Everything else — learning algorithms, exploration/exploitation tradeoffs, storage, armature tracking — is handled for you.


Use Cases

Research agent optimization

You have an agent that runs parallel research tasks — verifying claims, cross-referencing sources, scoring confidence. Different research strategies work better for different domains. Armature learns that deep-dive verification works for neuroscience claims while rapid cross-referencing is better for psychology replication studies. Your research agent routes to the right strategy automatically.

Customer support routing

Your support bot handles thousands of conversations. Some users want concise answers, others want detailed walkthroughs. Instead of one-size-fits-all, the system learns which response style resolves issues fastest for each question type. Resolution rates improve without anyone touching the prompts.

Multi-model routing

You have access to GPT-4, Claude, Gemini, and open-source models. Each excels at different tasks. Instead of picking one or building manual routing rules, Thompson Sampling learns which model performs best for which task type — and shifts traffic as models update.

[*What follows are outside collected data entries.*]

(** Heine–Borel for [[-M, M]], transported from the Stdlib statement
    [compact_P3] about families of open sets of reals. *)
Lemma interval_compact : Defs.compact interval_topology.
Proof.
  intros F HF Hcov.
  assert (ch : forall z : interval, { p : (interval -> Prop) * (R -> Prop) |
     F (fst p) /\ fst p z /\ open_set (snd p) /\ forall w, fst p w <-> snd p (proj1_sig w) }).
  { intros z. apply constructive_indefinite_description.
    destruct (Hcov z) as [U [HU Hz]]. destruct (HF U HU) as [O [HO EO]].
    exists (U, O); simpl; auto. }
  set (cover_of := fun x => proj1_sig (ch (clamp_into x))).
  set (fam_f := fun x y => (- M <= x <= M) /\ snd (cover_of x) y).
  assert (Hcond : forall x, (exists y, fam_f x y) -> - M <= x <= M).
  { intros x [y [Hx _]]; auto. }
  set (fam := mkfamily (fun x => - M <= x <= M) fam_f Hcond).
  destruct (compact_P3 (- M) M fam) as [D [Hc [l Hl]]].
  - split.
    + intros x Hx. exists x. unfold fam; simpl; unfold fam_f. split; auto.
      pose proof (proj2_sig (ch (clamp_into x))) as [_ [Hp [_ Ep]]].
      apply Ep in Hp. simpl in Hp. rewrite clamp_id in Hp; auto.
      unfold Rabs; destruct Rcase_abs; lra.
    + intros x r [Hx Hr].
      pose proof (proj2_sig (ch (clamp_into x))) as [_ [_ [Hp _]]].
      destruct (Hp r Hr) as [d Hd]. exists d. intros s Hs. split; auto.
  - exists (map (fun x => fst (cover_of x)) l). split.
    + intros U HU. apply in_map_iff in HU. destruct HU as [x [<- _]].
      exact (proj1 (proj2_sig (ch (clamp_into x)))).
    + intros [r Hr]. destruct (Hc r Hr) as [y [[Hyi Hy] HDy]].
      exists (fst (cover_of y)). split.
      * apply in_map_iff. exists y; split; auto. apply Hl. split; auto.
      * pose proof (proj2_sig (ch (clamp_into y))) as [_ [_ [_ Ep]]]. apply Ep; auto.
Qed.

End Interval.

Definition bool_topology : topology bool :=
  Topology bool (fun _ => True) I (fun _ _ _ _ => I) (fun _ _ => I).

Lemma bool_hausdorff : hausdorff bool_topology.
Proof.
  intros x y H. exists (fun z => z = x), (fun z => z = y). simpl.
  repeat split; auto. intros z [-> ->]; auto.
Qed.

Lemma bool_compact : Defs.compact bool_topology.
Proof.
  intros F _ Hcov. destruct (Hcov true) as [U1 [H1 E1]]. destruct (Hcov false) as [U2 [H2 E2]].
  exists (U1 :: U2 :: nil). split.
  - intros U [<- | [<- | []]]; auto.
  - intros [|]; [exists U1 | exists U2]; simpl; auto.
Qed.

(** * Extensions over a Stone–Čech compactification *)

Section StoneCech.
Variables (X Y : Type) (TX : topology X) (TY : topology Y) (e : X -> Y).
Hypothesis hbeta : stone_cech TX TY e.

Let He : continuous TX TY e := proj1 (proj1 (proj2 (proj2 hbeta))).
Let Hdense : dense_image TY e := proj1 (proj2 (proj2 (proj2 hbeta))).
Let Hextend : forall (Z : Type) (TZ : topology Z) (h : X -> Z),
    Defs.compact TZ -> hausdorff TZ -> continuous TX TZ h ->
    exists H : Y -> Z, continuous TY TZ H /\ forall x, H (e x) = h x :=
  proj2 (proj2 (proj2 (proj2 hbeta))).

Lemma extend_bounded (M : R) (g : X -> R) :
  0 <= M -> continuous_R TX g ->
  exists G : Y -> R, continuous_R TY G /\ (forall x, G (e x) = clamp M (g x)) /\
    (forall y, Rabs (G y) <= M).
Proof.
  intros HM Hg.
  destruct (Hextend _ (interval_topology M) (fun x => clamp_into M HM (g x))
              (interval_compact M HM) (interval_hausdorff M))
    as [H [HH EH]].
  - intros V [O [HO EO]]. apply (open_ext TX (fun x => O (clamp M (g x)))).
    + intros x; rewrite EO; simpl; tauto.
    + apply (Hg (fun r => O (clamp M r))), clamp_open; auto.
  - exists (fun y => proj1_sig (H y)). repeat split.
    + intros W HW. apply (HH (fun z => W (proj1_sig z))). exists W; split; auto; tauto.
    + intros x; rewrite EH; reflexivity.
    + intros y; destruct (H y) as [r Hr]; simpl. unfold Rabs; destruct Rcase_abs; lra.
Qed.

Lemma extend_clopen C :
  clopen TX C -> exists D, clopen TY D /\ forall x, D (e x) <-> C x.
Proof.
  intros HC.
  set (h := fun x => if excluded_middle_informative (C x) then true else false).
  destruct (Hextend _ bool_topology h bool_compact bool_hausdorff) as [H [HH EH]].
  - intros V _. apply (open_ext TX (fun x => (C x /\ V true) \/ (~ C x /\ V false))).
    + intros x; unfold h; destruct excluded_middle_informative; tauto.
    + apply open_by_cases; auto; apply open_const.
  - exists (fun y => H y = true). repeat split.
    + apply (HH (fun b => b = true)); exact I.
    + apply (HH (fun b => ~ b = true)); exact I.
    + rewrite EH; unfold h; destruct excluded_middle_informative; congruence.
    + rewrite EH; unfold h; destruct excluded_middle_informative; congruence.
Qed.

Lemma extend_from_clopen C f M :
  0 <= M -> clopen TX C -> continuous_R_on TX C f -> (forall x, C x -> Rabs (f x) <= M) ->
  exists G : Y -> R, continuous_R TY G /\ (forall x, C x -> G (e x) = f x) /\
    forall y, Rabs (G y) <= M.
Proof.
  intros HM HC Hf HfM.
  destruct (extend_bounded M _ HM (continuous_extend_by_zero TX C f HC Hf))
    as [G [HG [EG HGM]]].
  exists G; repeat split; auto.
  intros x Hx. rewrite EG. destruct excluded_middle_informative; [|contradiction].
  apply clamp_id, HfM, Hx.
Qed.
(* There exists a unital, completely positive, idempotent linear map $\Phi:\ell^\infty(\mathbb Z)\to\ell^\infty(\mathbb Z)$ which is $\mathbb Z$-equivariant (i.e. $\Phi\circ B=B\circ\Phi$, where $(Bv)_n=v_{n+1}$ is the backward shift) and whose range is not a C*-subalgebra of $\ell^\infty(\mathbb Z)$.
   Context: $\ell^\infty(\mathbb Z)$ is the C*-algebra of bounded complex sequences indexed by $\mathbb Z$ with pointwise operations; $\mathbb Z$ acts on it by translation, generated by the backward shift $B$. *)

From HB Require Import structures.
From mathcomp Require Import all_boot all_order all_algebra.
From mathcomp Require Import complex.
From mathcomp Require Import reals.
Set Implicit Arguments. Unset Strict Implicit. Unset Printing Implicit Defensive.
Import Order.TTheory GRing.Theory Num.Theory.
Local Open Scope ring_scope.

Section Linf.
Variable R : realType.
Notation C := (R[i])%C.

Definition seqZ := int -> C.

Definition bounded (v : seqZ) : Prop := exists M : R, forall n, `|v n| <= (M%:C)%C.

Definition sadd (u v : seqZ) : seqZ := fun n => u n + v n.
Definition sscale (a : C) (v : seqZ) : seqZ := fun n => a * v n.
Definition smul (u v : seqZ) : seqZ := fun n => u n * v n.
Definition sstar (v : seqZ) : seqZ := fun n => conjc (v n).
Definition sone : seqZ := fun _ => 1.

Definition bshift (v : seqZ) : seqZ := fun n => v (n + 1).

Definition unif_cvg (w : nat -> seqZ) (v : seqZ) : Prop :=
  forall eps : R, 0 < eps -> exists K : nat, forall k, (K <= k)%N ->
    forall n, `|w k n - v n| <= (eps%:C)%C.

Definition is_Cstar_subalgebra (S : seqZ -> Prop) : Prop :=
  (forall v, S v -> bounded v) /\
  S (fun _ => 0) /\
  (forall u v, S u -> S v -> S (sadd u v)) /\
  (forall a v, S v -> S (sscale a v)) /\
  (forall u v, S u -> S v -> S (smul u v)) /\
  (forall v, S v -> S (sstar v)) /\
  (forall w v, (forall k, S (w k)) -> bounded v -> unif_cvg w v -> S v).

Definition mx_positive (n : nat) (A : 'I_n -> 'I_n -> seqZ) : Prop :=
  exists B : 'I_n -> 'I_n -> seqZ,
    (forall i j, bounded (B i j)) /\
    forall i j k, A i j k = \sum_(l < n) (conjc (B l i k) * B l j k).

(* Hypotheses on a map Phi : l^oo(Z) -> l^oo(Z), encoded as a function on all
   sequences whose behaviour is only constrained on bounded ones. *)
Definition maps_linf (Phi : seqZ -> seqZ) : Prop :=
  forall v, bounded v -> bounded (Phi v).

Definition is_linear_linf (Phi : seqZ -> seqZ) : Prop :=
  forall a u v, bounded u -> bounded v ->
    Phi (sadd (sscale a u) v) = sadd (sscale a (Phi u)) (Phi v).

Definition is_unital (Phi : seqZ -> seqZ) : Prop := Phi sone = sone.

Definition is_idempotent (Phi : seqZ -> seqZ) : Prop :=
  forall v, bounded v -> Phi (Phi v) = Phi v.

Definition is_completely_positive (Phi : seqZ -> seqZ) : Prop :=
  forall (n : nat) (A : 'I_n -> 'I_n -> seqZ),
    mx_positive A -> mx_positive (fun i j => Phi (A i j)).
Lemma seq_diaE x G A C :
  Sq x G (Dia A) -> (forall w', R x w' -> later x w' G A -> Sq x G C) -> Sq x G C.
Proof.
  intros Hd. remember (Dia A) as F eqn:EF.
  induction Hd as [| | | G0 A0 B0 C0 Hi HA _ _ IHC | G0 A0 w' Hr Hl | | G0 A0 C0 Hi _ IH
                  | G0 A0 C0 Hi _ IH];
    intros Hk; subst; try discriminate.
  - apply sq_botL; assumption.
  - apply sq_impL with A0 B0; [assumption | exact HA|].
    apply IHC; [reflexivity|]. intros w' Hr Hl.
    apply (seq_weaken x G0); [apply ctx_le_cons_r|].
    exact (Hk w' Hr (later_drop_cons _ _ _ _ _ Hl)).
  - injection EF as <-. exact (Hk w' Hr Hl).
  - apply sq_diaL with A0; [exact Hi|]. intros w' Hr Hl. exact (IH w' Hr Hl eq_refl Hk).
  - apply sq_boxL with A0; [exact Hi|]. intros Hl. exact (IH Hl eq_refl Hk).
Qed.

Lemma seq_boxE x G A C :
  Sq x G (Box A) -> ((forall w', R x w' -> later x w' G A) -> Sq x G C) -> Sq x G C.
Proof.
  intros Hd. remember (Box A) as F eqn:EF.
  induction Hd as [| | | G0 A0 B0 C0 Hi HA _ _ IHC | | G0 A0 Hl | G0 A0 C0 Hi _ IH
                  | G0 A0 C0 Hi _ IH];
    intros Hk; subst; try discriminate.
  - apply sq_botL; assumption.
  - apply sq_impL with A0 B0; [assumption | exact HA|].
    apply IHC; [reflexivity|]. intros Hl.
    apply (seq_weaken x G0); [apply ctx_le_cons_r|].
    apply Hk. intros w' Hr. exact (later_drop_cons _ _ _ _ _ (Hl w' Hr)).
  - injection EF as <-. exact (Hk Hl).
  - apply sq_diaL with A0; [exact Hi|]. intros w' Hr Hl. exact (IH w' Hr Hl eq_refl Hk).
  - apply sq_boxL with A0; [exact Hi|]. intros Hl. exact (IH Hl eq_refl Hk).
Qed.

Definition cut_admissible (A : form) : Prop :=
  forall x G C, Sq x G A -> Sq x ((A, x) :: G) C -> Sq x G C.
Definition is_lin_subspace (F : finFieldType) (b m : nat)
    (S : {set 'M[F]_(b, m)}) : Prop :=
  0 \in S /\ (forall x y, x \in S -> y \in S -> x + y \in S) /\
  (forall (a : F) x, x \in S -> a *: x \in S).

(* Basis of V_D = {(x, xD) : x in F^b} placed as columns: M x b matrix with
   columns (e_i, e_i D), M = b + m. *)
Definition VD_basis (F : fieldType) (b m : nat) (D : 'M[F]_(b, m))
  : 'M[F]_(b + m, b) := (row_mx 1%:M D)^T.

Definition code_cols (F : finFieldType) (b m : nat) (DD : {set 'M[F]_(b, m)})
  (k : 'I_#|DD|) : 'M[F]_(b + m, b) := VD_basis (enum_val k).
Arguments code_cols {F b m} DD k.

(* A message (x, z) in F^b x F^m is stored in the column of D as x + z D^T.
   Because every nonzero matrix of AA has full rank b and #|AA| = q^m, the map
   D |-> x D sends AA onto F^m for x != 0 and, dually, D |-> z D^T sends AA onto
   F^b for z != 0.  Both maps are therefore onto from DD, with kernels of sizes
   q^(m(t-1)) and q^(mt-b).  The zero columns of a codeword with z != 0 are
   empty or a coset of the second kernel, which gives the minimum distance; a
   single column k recovers symbol (i, j) exactly when D_k and D_j share row i,
   and these k form a coset of the first kernel, which gives the symbol
   locality and availability. *)

From HB Require Import structures.
From mathcomp Require Import all_boot all_order all_algebra.
From mathcomp Require Import zify.
Set Implicit Arguments. Unset Strict Implicit. Unset Printing Implicit Defensive.
Import GRing.Theory.
Local Open Scope ring_scope.

Lemma morphD_morphB (V W : zmodType) (phi : V -> W) :
  {morph phi : x y / x + y} -> {morph phi : x y / x - y}.
Proof.
by move=> phiD x y; apply/eqP; rewrite eq_sym subr_eq -phiD subrK.
Qed.

Lemma delta_mx_neq0 (R : nzRingType) p n (i : 'I_p) (j : 'I_n) :
  delta_mx i j != 0 :> 'M[R]_(p, n).
Proof.
by apply/eqP => /matrixP/(_ i j); rewrite !mxE !eqxx => /eqP; rewrite oner_eq0.
Qed.

Section LinSubspace.
Variables (F : finFieldType) (b m : nat) (S : {set 'M[F]_(b, m)}).
Hypothesis linS : is_lin_subspace S.

Lemma lin_subspace0 : 0 \in S.
Proof. by case: linS. Qed.

Lemma lin_subspaceD x y : x \in S -> y \in S -> x + y \in S.
Proof. by case: linS => _ [addS _]; apply: addS. Qed.

Lemma lin_subspaceB x y : x \in S -> y \in S -> x - y \in S.
Proof.
by case: linS => _ [_ linZ] xS yS; rewrite lin_subspaceD // -scaleN1r linZ.
Qed.

(* With [s] a section of [phi], [(y, E) |-> s y + E] maps [W * ker phi]
   bijectively onto [S]. *)
Lemma card_lin_subspace_ker (W : finZmodType) (phi : 'M[F]_(b, m) -> W) :
    {morph phi : x y / x + y} -> {subset [set: W] <= phi @: S} ->
  (#|W| * #|[set E in S | phi E == 0%R]| = #|S|)%N.
Proof.
move=> phiD phi_onto; have phiB := morphD_morphB phiD.
set K := [set E in S | phi E == 0].
pose s y := odflt 0 [pick E in S | phi E == y].
have sP y : s y \in S /\ phi (s y) = y.
  rewrite /s; case: pickP => [E /andP[-> /eqP ->] //|none].
  have /imsetP[E ES phiE] := phi_onto y (in_setT y).
  by have := none E; rewrite ES -phiE eqxx.
pose g (yE : W * 'M[F]_(b, m)) := s yE.1 + yE.2.
have g_inj : {in setX [set: W] K &, injective g}.
  move=> [y1 E1] [y2 E2]; rewrite !inE /= => /andP[_ /eqP E10] /andP[_ /eqP E20].
  rewrite /g /= => eq12; have y12 : y1 = y2.
    have := congr1 phi eq12; rewrite !phiD E10 E20 !addr0.
    by rewrite (proj2 (sP y1)) (proj2 (sP y2)).
  by move: eq12; rewrite y12 => /addrI ->.
have g_im : g @: setX [set: W] K = S.
  apply/setP => E; apply/imsetP/idP => [[[y E']]|ES].
    by rewrite !inE /= => /andP[E'S _] ->; rewrite lin_subspaceD //; case: (sP y).
  exists (phi E, E - s (phi E)); last by rewrite /g /= addrC subrK.
  have [sS sphi] := sP (phi E).
  by rewrite !inE /= lin_subspaceB //= phiB sphi subrr.
by rewrite -g_im card_in_imset // cardsX cardsT.
Qed.

End LinSubspace.

Lemma exists_orthogonal_row (F : finFieldType) p (S : {set 'rV[F]_p}) v :
  is_lin_subspace S -> v \notin S ->
  exists2 y : 'rV[F]_p, y != 0 & forall s, s \in S -> y *m s^T = 0.
Proof.
move=> linS vS.
pose A := \matrix_(i < #|S|) (enum_val i : 'rV[F]_p).
have subAS w : (w <= A)%MS -> w \in S.
  case/submxP=> c ->; rewrite mulmx_sum_row.
  apply: (big_ind (fun x => x \in S)) => [|x y|i _]; first exact: lin_subspace0.
    exact: lin_subspaceD.
  by case: linS => _ [_ linZ]; rewrite linZ // rowK enum_valP.
have A_nfull : ~~ row_full A.
  by apply: contraNN vS => A_full; apply: subAS; apply: submx_full.
have /rowV0Pn[y /sub_kermxP yA y0] : kermx A^T != 0.
  rewrite -mxrank_eq0 mxrank_ker mxrank_tr subn_eq0 -ltnNge.
  by rewrite ltn_neqAle A_nfull rank_leq_col.
exists y => // s sS.
have -> : s = row (enum_rank_in sS s) A by rewrite rowK enum_rankK_in.
by rewrite rowE trmx_mul mulmxA yA mul0mx.
Qed.

Section FullRankSpace.
Variables (F : finFieldType) (b m : nat) (AA : {set 'M[F]_(b, m)}).
Hypotheses (linA : is_lin_subspace AA) (cardA : #|AA| = (#|F| ^ m)%N).
Hypothesis rankA : forall X, X \in AA -> X != 0 -> \rank X = b.

Lemma imset_mulmx_full_rank (x : 'rV[F]_b) :
  x != 0 -> [set x *m D | D in AA] = [set: 'rV_m].
Proof.
move=> x0; have mulx_inj : {in AA &, injective (fun D => x *m D)}.
  move=> D1 D2 D1A D2A /eqP; rewrite -subr_eq0 -mulmxBr => /eqP xD12.
  apply/eqP; rewrite -subr_eq0; apply: contraNT x0 => D12_neq0.
  have D12_free : row_free (D1 - D2) by rewrite /row_free rankA ?lin_subspaceB.
  by rewrite -(mulmx_free_eq0 x D12_free) xD12.
apply/eqP; rewrite eqEcard subsetT cardsT card_mx mul1n card_in_imset //.
by rewrite cardA; apply: leqnn.
Qed.

(* If [z D^T] missed a vector, some [y != 0] would satisfy [y D z^T = 0] for
   every [D], but [y D] ranges over all of ['rV_m]. *)
Lemma imset_mulmx_tr_full_rank (z : 'rV[F]_m) :
  z != 0 -> [set z *m D^T | D in AA] = [set: 'rV_b].
Proof.
move=> z0; apply/eqP; rewrite eqEsubset subsetT /=; apply/subsetP => v _.
apply/negPn/negP => vS.
have linS : is_lin_subspace [set z *m D^T | D in AA].
  split; first by apply/imsetP; exists 0; rewrite ?lin_subspace0 ?trmx0 ?mulmx0.
  split=> [_ _ /imsetP[D1 D1A ->] /imsetP[D2 D2A ->]|a _ /imsetP[D DA ->]];
    apply/imsetP.
    by exists (D1 + D2); rewrite ?lin_subspaceD // linearD mulmxDr.
  by exists (a *: D); [case: linA => _ [_ ->]|rewrite linearZ scalemxAr].
have [y y0 yS] := exists_orthogonal_row linS vS.
have [k zk] := rV0Pn _ z0.
have /imsetP[D DA yD] : delta_mx 0 k \in [set y *m D | D in AA].
  by rewrite imset_mulmx_full_rank ?in_setT.
have /matrixP/(_ 0 0) := yS _ (imset_f _ DA).
rewrite trmx_mul trmxK mulmxA -yD -rowE !mxE.
by move/eqP; rewrite (negbTE zk).
Qed.

End FullRankSpace.

Section SubspaceCode.
Variables (F : finFieldType) (b m : nat) (DD : {set 'M[F]_(b, m)}).
Hypothesis linD : is_lin_subspace DD.

Local Notation G := (code_cols DD).
Local Notation D_ j := (enum_val j : 'M[F]_(b, m)).

Lemma code_colsT j : (G j)^T = row_mx 1%:M (D_ j).
Proof. by rewrite /code_cols /VD_basis trmxK. Qed.

Lemma submxrow_code (u : 'rV[F]_(b + m)) j :
  submxrow (u *m gen_mx G) j = lsubmx u + rsubmx u *m (D_ j)^T.
Proof.
rewrite /gen_mx mul_mxrow mxrowK /code_cols /VD_basis -[u]hsubmxK.
by rewrite tr_row_mx trmx1 mul_row_col mulmx1 row_mxKl row_mxKr.
Qed.

Definition zero_cols (u : 'rV[F]_(b + m)) :=
  [set j : 'I_#|DD| | lsubmx u + rsubmx u *m (D_ j)^T == 0].

Lemma weight_code u :
  weight (unflatten (u *m gen_mx G)) = (#|DD| - #|zero_cols u|)%N.
Proof.
rewrite /weight.
have -> : [set j | col j (unflatten (u *m gen_mx G)) != 0] = ~: zero_cols u.
  apply/setP => j; rewrite !inE -submxrow_code.
  by rewrite (_ : col j _ = (submxrow (u *m gen_mx G) j)^T) ?trmx_eq0 //;
    apply/matrixP => i k; rewrite !mxE (ord1 k).
by rewrite cardsCs setCK card_ord.
Qed.

Lemma weight_eq0 n (X : 'M[F]_(b, n)) : (weight X == 0%N) = (X == 0).
Proof.
rewrite /weight cards_eq0; apply/eqP/eqP => [X0 | ->].
  apply/matrixP => i j; have /setP/(_ j) := X0.
  by rewrite !inE => /negbFE/eqP/matrixP/(_ i 0); rewrite !mxE.
by apply/setP => j; rewrite !inE col0 eqxx.
Qed.

Definition fibre (W : eqType) (phi : 'M[F]_(b, m) -> W) (j : 'I_#|DD|) :=
  [set k : 'I_#|DD| | phi (D_ k) == phi (D_ j)].

Lemma card_fibre (W : zmodType) (phi : 'M[F]_(b, m) -> W) j :
  {morph phi : x y / x + y} -> #|fibre phi j| = #|[set E in DD | phi E == 0]|.
Proof.
move=> phiD; have phiB := morphD_morphB phiD.
rewrite -(@card_in_imset _ _ (fun k => D_ k - D_ j)); last first.
  by move=> k l _ _ /addIr/enum_val_inj.
apply: eq_card => E; rewrite inE; apply/imsetP/andP => [[k]|[ES /eqP phiE]].
  by rewrite inE => /eqP kj ->; rewrite lin_subspaceB ?enum_valP // phiB kj subrr.
have jES : D_ j + E \in DD by rewrite lin_subspaceD ?enum_valP.
exists (enum_rank_in jES (D_ j + E)); last by rewrite enum_rankK_in // addrC addKr.
by rewrite inE enum_rankK_in // phiD phiE addr0.
Qed.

Content generation pipelines

You generate reports, summaries, or scripts from data. The system learns which model parameters, prompt structures, and output formats produce content that passes your quality bar. Configurations that work get selected more; configurations that don't get dropped.

Knowledge retrieval

Your agent pulls from multiple data sources — databases, APIs, documents. Different retrieval paths work better for different query types. Armature learns which retrieval strategy actually answers questions accurately, cutting wasted API calls and improving hit rates.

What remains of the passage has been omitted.